Leffingwell also told the group the citizen-initiative process had flaws. One of those is that it actually takes fewer signatures to trigger a charter amendment election than it does to get a new ordinance on the ballot. “I think, at the very least, we should have an equal requirement as to a percentage of eligible voters,” Leffingwell said.

 

The two also found common ground on a push by Police Chief Art Acevedo to have blood taken from suspects in DWI cases. The department has had several ‘no refusal’ weekends on major holidays in the past few months, in which the department would obtain a search warrant to draw blood from DWI suspects who invoked their right to refuse a breathalyzer test. “I am very concerned about that, and there’s a reason why nurses at our hospitals basically decided that they didn’t want to do that anymore,” Leffingwell said. “There are a lot of inherent dangers in an invasive procedure and I don’t think the city should be exposed to that kind of liability.
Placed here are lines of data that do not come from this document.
Lemma u0_dpgamma_comp m n x : (1 <= m)%N -> (1 <= n)%N ->
  u0_dpgamma m (u0_dpgamma n x)
    = u0_dpgamma (m * n) x *+ ((m * n)`! %/ (m`! * (n`! ^ m))).
Proof.
case: m => [|[|m]] // _; first by rewrite u0_dpgamma1 mul1n expn1 mul1n divnn fact_gt0.
case: n => [|[|n]] // _; first by rewrite u0_dpgamma1 muln1 exp1n muln1 divnn fact_gt0.
have dvd_mul d1 d2 : (d1 %| d1 * d2)%N /\ (d2 %| d1 * d2)%N.
  by rewrite dvdn_mulr ?dvdn_mull.
case: (boolP (prime_power n.+2)) => [/prime_powerP[p [k [pp En]]]|npp]; last first.
  rewrite (u0_dpgamma_non_prime_power _ npp) u0_dpgamma0.
  rewrite u0_dpgamma_non_prime_power ?mul0rn //.
  by apply: contra npp; apply: prime_power_dvd (dvd_mul _ _).2.
case: (boolP (prime_power m.+2)) => [/prime_powerP[q [l [pq Em]]]|npp]; last first.
  rewrite (u0_dpgamma_non_prime_power _ npp) u0_dpgamma_non_prime_power ?mul0rn //.
  by apply: contra npp; apply: prime_power_dvd (dvd_mul _ _).1.
have k0 : (0 < k)%N by case: k En.
have l0 : (0 < l)%N by case: l Em.
rewrite Em En; have [<-|neq] := eqVneq q p.
  rewrite (@mulrn_eqmod _ _ q _ 1) ?comp_coef_pfactor_mod //.
    by rewrite mulr1n -expnD !u0_dpgamma_pfactor // iterD.
  by rewrite -expnD u0_dpgamma_pfactor ?iter_phi_char ?addn_gt0 ?l0.
rewrite !u0_dpgamma_pfactor // iter_phi_mixed // u0_dpgamma_non_prime_power ?mul0rn //.
apply: contra neq => ppmn; apply/eqP/(prime_power_dvd_eq ppmn pq pp).
  exact: dvdn_trans (dvdn_exp l0 (dvdnn q)) (dvd_mul _ _).1.
exact: dvdn_trans (dvdn_exp k0 (dvdnn p)) (dvd_mul _ _).2.
Qed.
I realize that it really expedites the prosecution process…but on balance, I think that with the problems of an invasive procedure and also the inherent problems with basic civil rights, I would oppose it.”

 

McCracken’s assessment was that “the idea has become more trouble than it is worth. I understand the motivation and frustration law enforcement feels. I have prosecuted DWI cases before,” he said. “But to take people’s blood, I just I don’t think that is a productive path.”